(* Let $\Lambda\subseteq\Sigma_A$ and $\Gamma\subseteq\Sigma_B$ be shift spaces. Suppose that $\Phi:\Lambda\to\Gamma$ is a map such that $\Phi(\mathcal O)=\mathcal O$ and such that $C_{\varepsilon}:=\Phi^{-1}(\mathcal O)$ is a finitely defined set in $\Lambda$. Then $\Phi$ is continuous and commutes with the shift map (i.e. $\Phi\circ\sigma=\sigma\circ\Phi$) if, and only if, $\Phi$ is a sliding block code given by $\bigl(\Phi(x)\bigr)_n=\sum_{a\in L_\Gamma\cup\{\varepsilon\}}a\mathbf{1}_{C_a}\circ\sigma^{n-1}(x)$ such that, for all $a\in L_\Gamma$, the set $C_a$ is a finite (possibly empty) union of generalized cylinders of $\Lambda$.
   Context: Alphabets and sequences: $A$ (and similarly $B$) is a countable discrete alphabet, finite or infinite. Let $\varepsilon$ be a new symbol (the empty letter), $\tilde A=A\cup\{\varepsilon\}$. Put $\Sigma_A^{\mathrm{inf}}=A^{\mathbb N}$ and let $\Sigma_A^{\mathrm{fin}}$ be the set of sequences $(x_i)_{i\in\mathbb N}$ in $\tilde A$ containing at least one $\varepsilon$ such that $x_i=\varepsilon$ implies $x_{i+1}=\varepsilon$. The Ott–Tomforde–Willis full shift is $\Sigma_A=\Sigma_A^{\mathrm{inf}}$ if $A$ is finite and $\Sigma_A=\Sigma_A^{\mathrm{inf}}\cup\Sigma_A^{\mathrm{fin}}$ if $A$ is infinite. The length of $x$ is $l(x)=\min\{k-1: x_k=\varepsilon\}$ ($=\infty$ for $x\in A^{\mathbb N}$); a finite sequence of length $k$ is identified with the word $x_1\dots x_k$; the constant sequence $\mathcal O=(\varepsilon\varepsilon\varepsilon\dots)$ is the empty sequence (length $0$). For $x\in\Sigma_A^{\mathrm{fin}}$ and finite $F\subset A$, the generalized cylinder is $Z(x,F)=\{y\in\Sigma_A: y_i=x_i \text{ for } 1\le i\le l(x),\ y_{l(x)+1}\notin F\}$, and $Z(x):=Z(x,\emptyset)$. $\Sigma_A$ carries the topology generated by the generalized cylinders (it is compact, metrizable). The shift map is $\sigma((x_i)_{i})=(x_{i+1})_i$ (so $\sigma(\mathcal O)=\mathcal O$). For $\Lambda\subseteq\Sigma_A$: $\Lambda^{\mathrm{fin}}=\Lambda\cap\Sigma_A^{\mathrm{fin}}$, $\Lambda^{\mathrm{inf}}=\Lambda\cap\Sigma_A^{\mathrm{inf}}$; $B_n(\Lambda)\subseteq\tilde A^n$ is the set of words of length $n$ occurring as consecutive subblocks of elements of $\Lambda$, $B(\Lambda)=\bigcup_{n\ge1}B_n(\Lambda)$, and $L_\Lambda=B_1(\Lambda)\setminus\{\varepsilon\}$. For a word $a\in B_n(\Lambda)$, its follower set is $\mathcal F(\Lambda,a)=\{b\in B_1(\Lambda): ab\in B_{n+1}(\Lambda)\}$. A shift space is $\Lambda\subseteq\Sigma_A$ that is closed, satisfies $\sigma(\Lambda)\subseteq\Lambda$, and has the infinite extension property: $\mathcal O\in\Lambda$ iff $L_\Lambda$ is infinite, and a finite sequence $x\neq\mathcal O$ lies in $\Lambda$ iff $|\mathcal F(\Lambda,x)|=\infty$. Generalized cylinders of $\Lambda$ are the sets $Z(x,F)\cap\Lambda$. Finitely defined sets: $C\subseteq\Lambda$ is finitely defined in $\Lambda$ if there exist $I,J\subseteq\mathbb N$, integers $\ell_i,n_j\ge0$ and words $b_i,d_j\in B(\Sigma_A)$ ($i\in I$, $j\in J$) with $C=\{x\in\Lambda: (x_1\dots x_{1+\ell_i})=b_i\text{ for some } i\in I\}$ and $\Lambda\setminus C=\{x\in\Lambda: (x_1\dots x_{1+n_j})=d_j \text{ for some } j\in J\}$; its anticipation is $\sup_i\ell_i$. Sliding block codes: given a partition $\{C_a\}_{a\in B\cup\{\varepsilon\}}$ of a shift space $\Lambda\subseteq\Sigma_A$ such that each $C_a$ is finitely defined in $\Lambda$ and $\sigma(C_\varepsilon)\subseteq C_\varepsilon$, the map $\Phi:\Lambda\to\Sigma_B$ with $(\Phi(x))_n=\sum_{a}a\mathbf 1_{C_a}(\sigma^{n-1}(x))$ (i.e. $(\Phi(x))_n$ is the unique $a$ with $\sigma^{n-1}(x)\in C_a$) is called a sliding block code. Here $\mathcal O$ in $\Phi(\mathcal O)=\mathcal O$ and $\Phi^{-1}(\mathcal O)$ denotes the respective empty sequences of $\Sigma_A$ and $\Sigma_B$. *)

(* Sequences are indexed from 0 (the paper's x_1 is x 0). *)
From mathcomp Require Import all_boot.
Set Implicit Arguments. Unset Strict Implicit. Unset Printing Implicit Defensive.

EXERCISE AIM –
Write out again, exactly, the line containing "From mathcomp Require Import all_boot." and every later line of the records. Omit the rest.

SOLUTION –
From mathcomp Require Import all_boot.
Set Implicit Arguments. Unset Strict Implicit. Unset Printing Implicit Defensive.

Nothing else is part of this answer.